No binary data output is indicated for this operation.
Dependencies
- Requires an API key credential for authenticating with the Azure Active Directory service.
- The node depends on the Azure AD API endpoint that provides access to audit and sign-in logs.
- Proper configuration of authentication credentials in n8n is necessary to successfully call the API.
Troubleshooting
- Missing or invalid X USER ID header: Ensure the "X USER ID" property is provided and correctly set; it is required for the request.

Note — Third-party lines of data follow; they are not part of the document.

(* The explicit description of conv(G_I) for I = {i,j}.  w u v is the variable
   w_{uv} of the unordered pair {u,v} (so w is required symmetric); only the
   values on pairs of E(I) are constrained/used. *)
Definition PI {R : realType} {n : nat} (a0 : R) (a : 'rV[R]_n) (i j : 'I_n)
  (rho : R) (y : 'rV[R]_n) (xI : {ffun subI [set i; j] -> R^o}) : Prop :=
  exists w : 'I_n -> 'I_n -> R,
    (forall u v, w u v = w v u) /\
    (forall u v : 'I_n, u != v -> (u \in [set i; j]) || (v \in [set i; j]) ->
       [/\ 0 <= w u v, y 0 u + y 0 v - w u v <= rho,
           w u v <= y 0 u & w u v <= y 0 v]) /\
    (forall k : 'I_n, k \notin [set i; j] ->
       [/\ y 0 i + y 0 j + y 0 k - w i j - w j k - w i k <= rho,
           - y 0 i + w i j + w i k - w j k <= 0,
           - y 0 j + w i j - w i k + w j k <= 0 &
           - y 0 k - w i j + w i k + w j k <= 0]) /\
    (0 <= rho /\ a0 * rho + \sum_(k < n) a 0 k * y 0 k = 1) /\
    (forall s : subI [set i; j],
       xI s = (a0 + a 0 (val s)) * y 0 (val s)
              + \sum_(v < n | v != val s) a 0 v * w (val s) v).

From mathcomp Require Import all_boot all_order all_algebra.
From mathcomp Require Import reals ring lra.
Import Order.TTheory GRing.Theory Num.Theory.
Local Open Scope ring_scope.

(* A point of conv(G_I) is a convex combination of points Gpt x; dividing each
   weight by a0 + a^T x turns it into a nonnegative measure z on {0,1}^n with
   rho = mass z, y = first moments and x_u = sum of z (a0 + a^T x) x_u.  Setting
   w_uv to the second moments, (a) and (b) hold pointwise on {0,1}^n, while (c)
   and (d) are the expansion of a0 + a^T x.
   Conversely, given (rho, y, w) satisfying (a)-(d), a measure with these
   moments is obtained by distributing (x_i, x_j) over the four cells of the
   2x2 table determined by rho, y_i, y_j, w_ij, and, within each cell, drawing
   the other coordinates x_k independently; (a) and (b) for the triple {i,j,k}
   say exactly that the 2x2x2 table of (x_i, x_j, x_k) can be filled in. *)

Lemma sum_triple (A B C : nmodType) (T : finType) (f : T -> A * B * C) :
  \sum_t f t = (\sum_t (f t).1.1, \sum_t (f t).1.2, \sum_t (f t).2).
Proof.
rewrite [LHS]surjective_pairing [X in (X, _)]surjective_pairing.
congr (_, _, _).
- exact: (big_morph (fun p : A * B * C => p.1.1) (id1 := 0) (op1 := +%R)).
- exact: (big_morph (fun p : A * B * C => p.1.2) (id1 := 0) (op1 := +%R)).
- exact: (big_morph (fun p : A * B * C => p.2) (id1 := 0) (op1 := +%R)).
Qed.

Lemma conv_sum {R : numDomainType} {V : lmodType R} (T : finType) (S : V -> Prop)
    (lam : T -> R) (v : T -> V) :
  (forall t, 0 <= lam t) -> \sum_t lam t = 1 -> (forall t, S (v t)) ->
  conv S (\sum_t lam t *: v t).
Proof.
move=> lam_ge0 lam_sum1 Sv.
exists #|T|, (fun k => lam (enum_val k)), (fun k => v (enum_val k)).
have enumE (W : nmodType) (f : T -> W) : \sum_t f t = \sum_(k < #|T|) f (enum_val k).
  exact: (big_enum_val (op := +%R) (A := T) f).
by rewrite -lam_sum1 !enumE.
Qed.

Section Moments.
Variables (R : realType) (n : nat) (T : finType).
Variables (z : T -> R) (X : T -> {ffun 'I_n -> bool}).

Definition mass := \sum_t z t.
Definition moment1 (u : 'I_n) := \sum_t z t * (X t u)%:R.
Definition moment2 (u v : 'I_n) := \sum_t z t * ((X t u)%:R * (X t v)%:R).

Variables (a0 : R) (a : 'rV[R]_n).
Local Notation D t := (denom a0 a (X t)).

- API authentication errors: Verify that the API key or authentication token is valid and has sufficient permissions to read Azure AD logs.
- Query syntax issues: If using the "Condition" property to filter logs, ensure the query string follows the expected syntax supported by the Azure AD logs API.
- Pagination problems: When using "Skip" and "Limit", confirm values are non-negative integers and within allowed ranges to avoid empty or incomplete results.
- Order By field errors: Use valid field names recognized by the Azure AD logs API to prevent ordering failures.